Instructions for the task: Your answer must consist of exactly the lines below, starting with the line with "assert (Hc : continuous_R" and going on through the line with "apply Rmult_le_reg_r with (B", and nothing else.

Data provided:
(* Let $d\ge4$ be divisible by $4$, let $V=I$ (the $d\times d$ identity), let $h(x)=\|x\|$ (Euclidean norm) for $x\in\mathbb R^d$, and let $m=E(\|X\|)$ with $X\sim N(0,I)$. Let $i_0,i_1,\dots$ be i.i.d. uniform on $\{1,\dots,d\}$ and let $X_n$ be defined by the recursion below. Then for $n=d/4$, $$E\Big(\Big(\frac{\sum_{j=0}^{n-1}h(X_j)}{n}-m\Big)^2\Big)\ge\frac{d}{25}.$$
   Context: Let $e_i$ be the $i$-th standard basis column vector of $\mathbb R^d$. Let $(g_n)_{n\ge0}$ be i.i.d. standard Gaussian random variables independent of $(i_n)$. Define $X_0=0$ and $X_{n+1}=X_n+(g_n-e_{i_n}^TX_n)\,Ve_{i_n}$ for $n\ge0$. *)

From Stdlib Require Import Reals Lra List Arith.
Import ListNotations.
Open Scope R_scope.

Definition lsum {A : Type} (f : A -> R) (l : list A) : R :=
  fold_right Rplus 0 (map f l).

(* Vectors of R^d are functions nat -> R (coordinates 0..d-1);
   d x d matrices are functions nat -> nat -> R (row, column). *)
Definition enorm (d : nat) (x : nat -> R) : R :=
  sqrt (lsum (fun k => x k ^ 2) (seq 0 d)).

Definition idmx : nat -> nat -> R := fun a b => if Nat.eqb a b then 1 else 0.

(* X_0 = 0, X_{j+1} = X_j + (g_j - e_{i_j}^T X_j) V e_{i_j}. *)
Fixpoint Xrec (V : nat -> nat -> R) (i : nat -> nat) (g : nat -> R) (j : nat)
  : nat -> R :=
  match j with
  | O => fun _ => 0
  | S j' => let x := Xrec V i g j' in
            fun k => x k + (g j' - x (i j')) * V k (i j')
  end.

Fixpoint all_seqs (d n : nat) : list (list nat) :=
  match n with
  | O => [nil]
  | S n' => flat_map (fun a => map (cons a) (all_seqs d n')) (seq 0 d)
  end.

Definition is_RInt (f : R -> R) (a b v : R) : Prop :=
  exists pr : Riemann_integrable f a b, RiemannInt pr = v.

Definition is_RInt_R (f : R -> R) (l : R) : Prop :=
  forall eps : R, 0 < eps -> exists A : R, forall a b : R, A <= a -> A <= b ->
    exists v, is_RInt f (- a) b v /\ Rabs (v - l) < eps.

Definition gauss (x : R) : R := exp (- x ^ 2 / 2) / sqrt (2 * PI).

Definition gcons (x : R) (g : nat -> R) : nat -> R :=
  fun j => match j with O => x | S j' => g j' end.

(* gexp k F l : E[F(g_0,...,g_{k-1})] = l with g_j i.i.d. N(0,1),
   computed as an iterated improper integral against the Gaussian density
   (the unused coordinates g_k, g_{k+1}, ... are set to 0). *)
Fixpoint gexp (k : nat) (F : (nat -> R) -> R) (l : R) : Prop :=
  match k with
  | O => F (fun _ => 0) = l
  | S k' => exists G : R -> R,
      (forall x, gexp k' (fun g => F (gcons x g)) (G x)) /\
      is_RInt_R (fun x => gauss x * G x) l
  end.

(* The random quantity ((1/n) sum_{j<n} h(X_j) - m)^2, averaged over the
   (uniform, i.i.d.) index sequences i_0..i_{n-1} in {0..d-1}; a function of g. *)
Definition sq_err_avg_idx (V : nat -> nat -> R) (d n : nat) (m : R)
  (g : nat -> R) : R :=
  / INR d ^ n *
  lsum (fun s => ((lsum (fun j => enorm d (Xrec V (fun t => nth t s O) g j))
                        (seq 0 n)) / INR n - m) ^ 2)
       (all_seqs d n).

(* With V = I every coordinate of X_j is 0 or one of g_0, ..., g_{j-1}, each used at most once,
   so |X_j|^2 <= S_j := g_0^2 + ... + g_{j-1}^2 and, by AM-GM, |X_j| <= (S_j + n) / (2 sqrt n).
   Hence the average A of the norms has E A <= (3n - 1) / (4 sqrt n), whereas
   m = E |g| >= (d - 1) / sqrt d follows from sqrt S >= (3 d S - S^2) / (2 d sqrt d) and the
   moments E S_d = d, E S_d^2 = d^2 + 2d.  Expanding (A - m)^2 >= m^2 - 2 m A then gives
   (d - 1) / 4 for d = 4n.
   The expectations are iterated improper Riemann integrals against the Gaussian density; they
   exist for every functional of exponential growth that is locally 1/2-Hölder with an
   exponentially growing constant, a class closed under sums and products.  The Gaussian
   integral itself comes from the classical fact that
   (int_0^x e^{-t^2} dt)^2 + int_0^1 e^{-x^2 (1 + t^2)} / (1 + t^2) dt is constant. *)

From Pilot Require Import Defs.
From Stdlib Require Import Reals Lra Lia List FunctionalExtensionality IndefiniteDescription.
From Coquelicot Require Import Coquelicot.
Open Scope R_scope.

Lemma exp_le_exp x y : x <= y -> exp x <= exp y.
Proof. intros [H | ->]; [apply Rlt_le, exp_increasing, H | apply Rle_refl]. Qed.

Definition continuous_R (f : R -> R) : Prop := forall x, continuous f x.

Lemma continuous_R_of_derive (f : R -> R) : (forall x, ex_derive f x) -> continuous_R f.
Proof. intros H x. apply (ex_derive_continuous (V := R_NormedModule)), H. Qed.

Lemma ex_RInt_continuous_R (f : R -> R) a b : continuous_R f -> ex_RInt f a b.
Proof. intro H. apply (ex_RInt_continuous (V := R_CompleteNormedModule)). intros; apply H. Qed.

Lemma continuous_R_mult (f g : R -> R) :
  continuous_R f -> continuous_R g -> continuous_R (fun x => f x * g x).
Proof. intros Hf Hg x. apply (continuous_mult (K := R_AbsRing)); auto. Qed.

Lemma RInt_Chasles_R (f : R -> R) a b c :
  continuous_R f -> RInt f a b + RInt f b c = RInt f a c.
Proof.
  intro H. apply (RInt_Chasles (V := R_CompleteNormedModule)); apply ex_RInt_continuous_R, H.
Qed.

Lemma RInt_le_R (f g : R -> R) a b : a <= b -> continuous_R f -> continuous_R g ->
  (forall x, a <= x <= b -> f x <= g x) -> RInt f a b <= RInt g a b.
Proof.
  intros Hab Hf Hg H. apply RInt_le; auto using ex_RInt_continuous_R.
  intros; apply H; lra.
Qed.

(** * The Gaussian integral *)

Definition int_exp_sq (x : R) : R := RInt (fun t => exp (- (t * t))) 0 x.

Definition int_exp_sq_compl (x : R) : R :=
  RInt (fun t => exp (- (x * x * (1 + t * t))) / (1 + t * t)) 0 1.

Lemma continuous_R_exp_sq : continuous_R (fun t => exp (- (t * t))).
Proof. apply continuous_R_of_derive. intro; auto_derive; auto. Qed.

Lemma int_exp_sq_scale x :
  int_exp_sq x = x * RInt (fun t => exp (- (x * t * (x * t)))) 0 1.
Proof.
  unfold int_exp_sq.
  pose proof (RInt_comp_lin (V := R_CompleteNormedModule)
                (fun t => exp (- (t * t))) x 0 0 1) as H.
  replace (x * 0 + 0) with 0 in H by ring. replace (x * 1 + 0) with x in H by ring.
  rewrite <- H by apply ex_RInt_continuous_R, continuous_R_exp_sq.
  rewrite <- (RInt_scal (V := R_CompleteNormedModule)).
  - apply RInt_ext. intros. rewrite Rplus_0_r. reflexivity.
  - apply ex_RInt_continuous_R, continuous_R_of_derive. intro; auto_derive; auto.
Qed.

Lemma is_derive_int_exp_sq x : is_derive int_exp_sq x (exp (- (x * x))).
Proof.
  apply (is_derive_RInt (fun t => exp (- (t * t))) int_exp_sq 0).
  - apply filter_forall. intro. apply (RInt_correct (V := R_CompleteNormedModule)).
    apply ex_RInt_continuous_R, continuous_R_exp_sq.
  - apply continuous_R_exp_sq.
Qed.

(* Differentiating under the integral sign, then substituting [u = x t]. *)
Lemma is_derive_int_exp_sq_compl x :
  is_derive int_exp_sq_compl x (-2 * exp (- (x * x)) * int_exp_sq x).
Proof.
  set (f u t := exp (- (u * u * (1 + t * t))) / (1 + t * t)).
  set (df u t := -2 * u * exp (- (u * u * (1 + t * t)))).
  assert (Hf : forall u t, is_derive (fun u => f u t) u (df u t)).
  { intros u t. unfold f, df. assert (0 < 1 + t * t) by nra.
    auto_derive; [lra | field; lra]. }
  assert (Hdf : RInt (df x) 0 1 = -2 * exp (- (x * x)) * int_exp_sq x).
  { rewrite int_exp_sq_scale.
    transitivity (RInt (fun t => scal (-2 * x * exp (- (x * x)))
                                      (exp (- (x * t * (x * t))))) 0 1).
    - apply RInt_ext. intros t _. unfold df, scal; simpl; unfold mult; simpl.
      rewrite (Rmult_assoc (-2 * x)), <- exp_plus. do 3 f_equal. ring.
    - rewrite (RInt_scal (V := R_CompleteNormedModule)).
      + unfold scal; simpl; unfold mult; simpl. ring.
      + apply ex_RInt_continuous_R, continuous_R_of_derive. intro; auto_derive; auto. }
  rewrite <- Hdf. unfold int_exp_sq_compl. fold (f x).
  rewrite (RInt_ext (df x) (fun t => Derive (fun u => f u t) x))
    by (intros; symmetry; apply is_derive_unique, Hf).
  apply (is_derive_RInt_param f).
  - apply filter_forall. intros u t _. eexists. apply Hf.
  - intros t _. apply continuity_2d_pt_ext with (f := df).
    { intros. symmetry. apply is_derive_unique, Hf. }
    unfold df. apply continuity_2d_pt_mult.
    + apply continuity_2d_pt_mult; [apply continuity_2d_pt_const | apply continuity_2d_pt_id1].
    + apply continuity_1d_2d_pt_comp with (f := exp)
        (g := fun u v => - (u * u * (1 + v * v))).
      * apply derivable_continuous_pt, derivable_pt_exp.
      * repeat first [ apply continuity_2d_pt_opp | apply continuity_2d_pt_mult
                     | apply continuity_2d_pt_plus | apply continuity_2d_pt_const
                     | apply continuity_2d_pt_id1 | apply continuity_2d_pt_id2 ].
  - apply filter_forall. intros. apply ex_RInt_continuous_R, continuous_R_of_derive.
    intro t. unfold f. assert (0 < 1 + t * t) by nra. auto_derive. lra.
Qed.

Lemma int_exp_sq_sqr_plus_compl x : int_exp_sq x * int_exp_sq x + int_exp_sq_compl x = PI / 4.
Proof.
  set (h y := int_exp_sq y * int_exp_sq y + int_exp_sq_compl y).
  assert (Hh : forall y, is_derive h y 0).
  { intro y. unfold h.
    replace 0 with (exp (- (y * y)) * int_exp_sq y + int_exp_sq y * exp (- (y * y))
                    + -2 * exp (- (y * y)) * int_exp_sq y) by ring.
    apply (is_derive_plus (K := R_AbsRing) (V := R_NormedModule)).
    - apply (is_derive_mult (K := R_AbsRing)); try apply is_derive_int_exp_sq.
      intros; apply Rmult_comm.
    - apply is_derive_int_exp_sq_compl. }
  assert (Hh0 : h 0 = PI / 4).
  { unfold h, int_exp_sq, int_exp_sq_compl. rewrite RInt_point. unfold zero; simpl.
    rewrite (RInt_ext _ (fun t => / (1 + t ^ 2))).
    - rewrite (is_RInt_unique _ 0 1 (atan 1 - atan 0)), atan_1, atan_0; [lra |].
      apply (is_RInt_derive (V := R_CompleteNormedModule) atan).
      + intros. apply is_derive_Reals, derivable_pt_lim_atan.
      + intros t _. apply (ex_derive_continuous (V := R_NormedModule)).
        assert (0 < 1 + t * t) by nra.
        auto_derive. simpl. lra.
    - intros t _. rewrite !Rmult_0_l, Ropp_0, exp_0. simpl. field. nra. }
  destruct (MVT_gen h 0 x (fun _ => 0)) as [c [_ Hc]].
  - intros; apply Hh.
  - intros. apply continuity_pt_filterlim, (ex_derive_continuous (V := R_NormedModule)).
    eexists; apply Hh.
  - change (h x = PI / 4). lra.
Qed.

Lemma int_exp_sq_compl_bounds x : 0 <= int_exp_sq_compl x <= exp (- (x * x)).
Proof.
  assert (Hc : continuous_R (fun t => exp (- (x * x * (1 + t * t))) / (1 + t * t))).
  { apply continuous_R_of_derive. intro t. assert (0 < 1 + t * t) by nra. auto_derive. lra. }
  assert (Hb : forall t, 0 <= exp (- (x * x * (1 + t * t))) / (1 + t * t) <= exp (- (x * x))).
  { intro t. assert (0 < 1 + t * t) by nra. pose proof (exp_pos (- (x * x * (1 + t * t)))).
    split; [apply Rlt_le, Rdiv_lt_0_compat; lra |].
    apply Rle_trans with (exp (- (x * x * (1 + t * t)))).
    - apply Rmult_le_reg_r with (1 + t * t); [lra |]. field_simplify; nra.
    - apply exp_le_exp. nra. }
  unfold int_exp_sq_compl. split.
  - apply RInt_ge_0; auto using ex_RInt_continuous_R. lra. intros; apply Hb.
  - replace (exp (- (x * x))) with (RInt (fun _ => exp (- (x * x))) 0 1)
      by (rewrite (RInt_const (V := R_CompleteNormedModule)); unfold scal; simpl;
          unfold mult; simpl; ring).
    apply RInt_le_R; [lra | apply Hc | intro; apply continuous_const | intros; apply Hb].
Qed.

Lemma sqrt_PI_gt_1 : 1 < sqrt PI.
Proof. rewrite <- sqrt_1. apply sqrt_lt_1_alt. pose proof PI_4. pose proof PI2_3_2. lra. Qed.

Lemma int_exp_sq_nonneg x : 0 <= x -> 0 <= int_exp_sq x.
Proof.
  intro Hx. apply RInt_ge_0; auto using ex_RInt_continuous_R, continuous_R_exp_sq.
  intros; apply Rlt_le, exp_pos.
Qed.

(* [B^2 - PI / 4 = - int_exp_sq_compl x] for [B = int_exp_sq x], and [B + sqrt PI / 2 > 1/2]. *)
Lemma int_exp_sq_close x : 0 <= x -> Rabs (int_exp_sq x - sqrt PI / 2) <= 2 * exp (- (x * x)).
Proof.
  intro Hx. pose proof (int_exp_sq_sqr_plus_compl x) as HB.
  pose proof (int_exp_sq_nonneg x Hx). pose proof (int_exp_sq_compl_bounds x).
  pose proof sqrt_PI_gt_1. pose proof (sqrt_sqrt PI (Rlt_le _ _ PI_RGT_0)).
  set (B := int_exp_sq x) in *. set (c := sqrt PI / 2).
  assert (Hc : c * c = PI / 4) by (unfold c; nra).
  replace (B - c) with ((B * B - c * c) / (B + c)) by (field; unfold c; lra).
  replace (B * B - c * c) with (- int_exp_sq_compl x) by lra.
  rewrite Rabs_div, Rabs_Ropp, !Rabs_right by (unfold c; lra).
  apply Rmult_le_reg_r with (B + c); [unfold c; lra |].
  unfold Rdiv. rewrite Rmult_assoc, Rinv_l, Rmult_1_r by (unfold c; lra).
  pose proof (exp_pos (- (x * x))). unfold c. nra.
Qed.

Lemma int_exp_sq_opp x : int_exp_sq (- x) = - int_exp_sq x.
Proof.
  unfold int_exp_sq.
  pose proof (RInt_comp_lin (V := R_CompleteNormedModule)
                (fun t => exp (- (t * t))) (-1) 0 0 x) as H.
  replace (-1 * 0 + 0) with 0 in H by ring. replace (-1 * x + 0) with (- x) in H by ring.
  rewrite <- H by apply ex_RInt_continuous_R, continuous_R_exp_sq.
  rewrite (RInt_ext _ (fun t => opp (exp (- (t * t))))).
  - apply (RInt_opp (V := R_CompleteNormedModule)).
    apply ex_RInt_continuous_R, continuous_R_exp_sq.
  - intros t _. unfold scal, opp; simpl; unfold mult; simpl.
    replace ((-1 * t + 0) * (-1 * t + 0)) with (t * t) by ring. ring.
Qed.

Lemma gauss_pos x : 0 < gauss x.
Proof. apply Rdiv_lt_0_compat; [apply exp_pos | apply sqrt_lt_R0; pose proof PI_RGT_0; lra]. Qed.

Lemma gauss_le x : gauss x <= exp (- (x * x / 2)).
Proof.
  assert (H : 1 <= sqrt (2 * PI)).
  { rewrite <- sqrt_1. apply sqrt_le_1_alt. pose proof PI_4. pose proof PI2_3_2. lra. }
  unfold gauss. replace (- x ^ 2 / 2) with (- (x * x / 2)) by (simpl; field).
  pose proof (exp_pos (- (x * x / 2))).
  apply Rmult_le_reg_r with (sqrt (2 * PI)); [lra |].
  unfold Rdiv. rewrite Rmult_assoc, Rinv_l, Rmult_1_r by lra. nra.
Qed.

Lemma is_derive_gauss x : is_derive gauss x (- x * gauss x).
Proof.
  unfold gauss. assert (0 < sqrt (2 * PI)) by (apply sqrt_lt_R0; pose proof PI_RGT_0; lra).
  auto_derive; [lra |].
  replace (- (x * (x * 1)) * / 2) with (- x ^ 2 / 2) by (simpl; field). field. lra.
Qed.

Task solution:
  assert (Hc : continuous_R (fun t => exp (- (x * x * (1 + t * t))) / (1 + t * t))).
  { apply continuous_R_of_derive. intro t. assert (0 < 1 + t * t) by nra. auto_derive. lra. }
  assert (Hb : forall t, 0 <= exp (- (x * x * (1 + t * t))) / (1 + t * t) <= exp (- (x * x))).
  { intro t. assert (0 < 1 + t * t) by nra. pose proof (exp_pos (- (x * x * (1 + t * t)))).
    split; [apply Rlt_le, Rdiv_lt_0_compat; lra |].
    apply Rle_trans with (exp (- (x * x * (1 + t * t)))).
    - apply Rmult_le_reg_r with (1 + t * t); [lra |]. field_simplify; nra.
    - apply exp_le_exp. nra. }
  unfold int_exp_sq_compl. split.
  - apply RInt_ge_0; auto using ex_RInt_continuous_R. lra. intros; apply Hb.
  - replace (exp (- (x * x))) with (RInt (fun _ => exp (- (x * x))) 0 1)
      by (rewrite (RInt_const (V := R_CompleteNormedModule)); unfold scal; simpl;
          unfold mult; simpl; ring).
    apply RInt_le_R; [lra | apply Hc | intro; apply continuous_const | intros; apply Hb].
Qed.

Lemma sqrt_PI_gt_1 : 1 < sqrt PI.
Proof. rewrite <- sqrt_1. apply sqrt_lt_1_alt. pose proof PI_4. pose proof PI2_3_2. lra. Qed.

Lemma int_exp_sq_nonneg x : 0 <= x -> 0 <= int_exp_sq x.
Proof.
  intro Hx. apply RInt_ge_0; auto using ex_RInt_continuous_R, continuous_R_exp_sq.
  intros; apply Rlt_le, exp_pos.
Qed.

(* [B^2 - PI / 4 = - int_exp_sq_compl x] for [B = int_exp_sq x], and [B + sqrt PI / 2 > 1/2]. *)
Lemma int_exp_sq_close x : 0 <= x -> Rabs (int_exp_sq x - sqrt PI / 2) <= 2 * exp (- (x * x)).
Proof.
  intro Hx. pose proof (int_exp_sq_sqr_plus_compl x) as HB.
  pose proof (int_exp_sq_nonneg x Hx). pose proof (int_exp_sq_compl_bounds x).
  pose proof sqrt_PI_gt_1. pose proof (sqrt_sqrt PI (Rlt_le _ _ PI_RGT_0)).
  set (B := int_exp_sq x) in *. set (c := sqrt PI / 2).
  assert (Hc : c * c = PI / 4) by (unfold c; nra).
  replace (B - c) with ((B * B - c * c) / (B + c)) by (field; unfold c; lra).
  replace (B * B - c * c) with (- int_exp_sq_compl x) by lra.
  rewrite Rabs_div, Rabs_Ropp, !Rabs_right by (unfold c; lra).
  apply Rmult_le_reg_r with (B + c); [unfold c; lra |].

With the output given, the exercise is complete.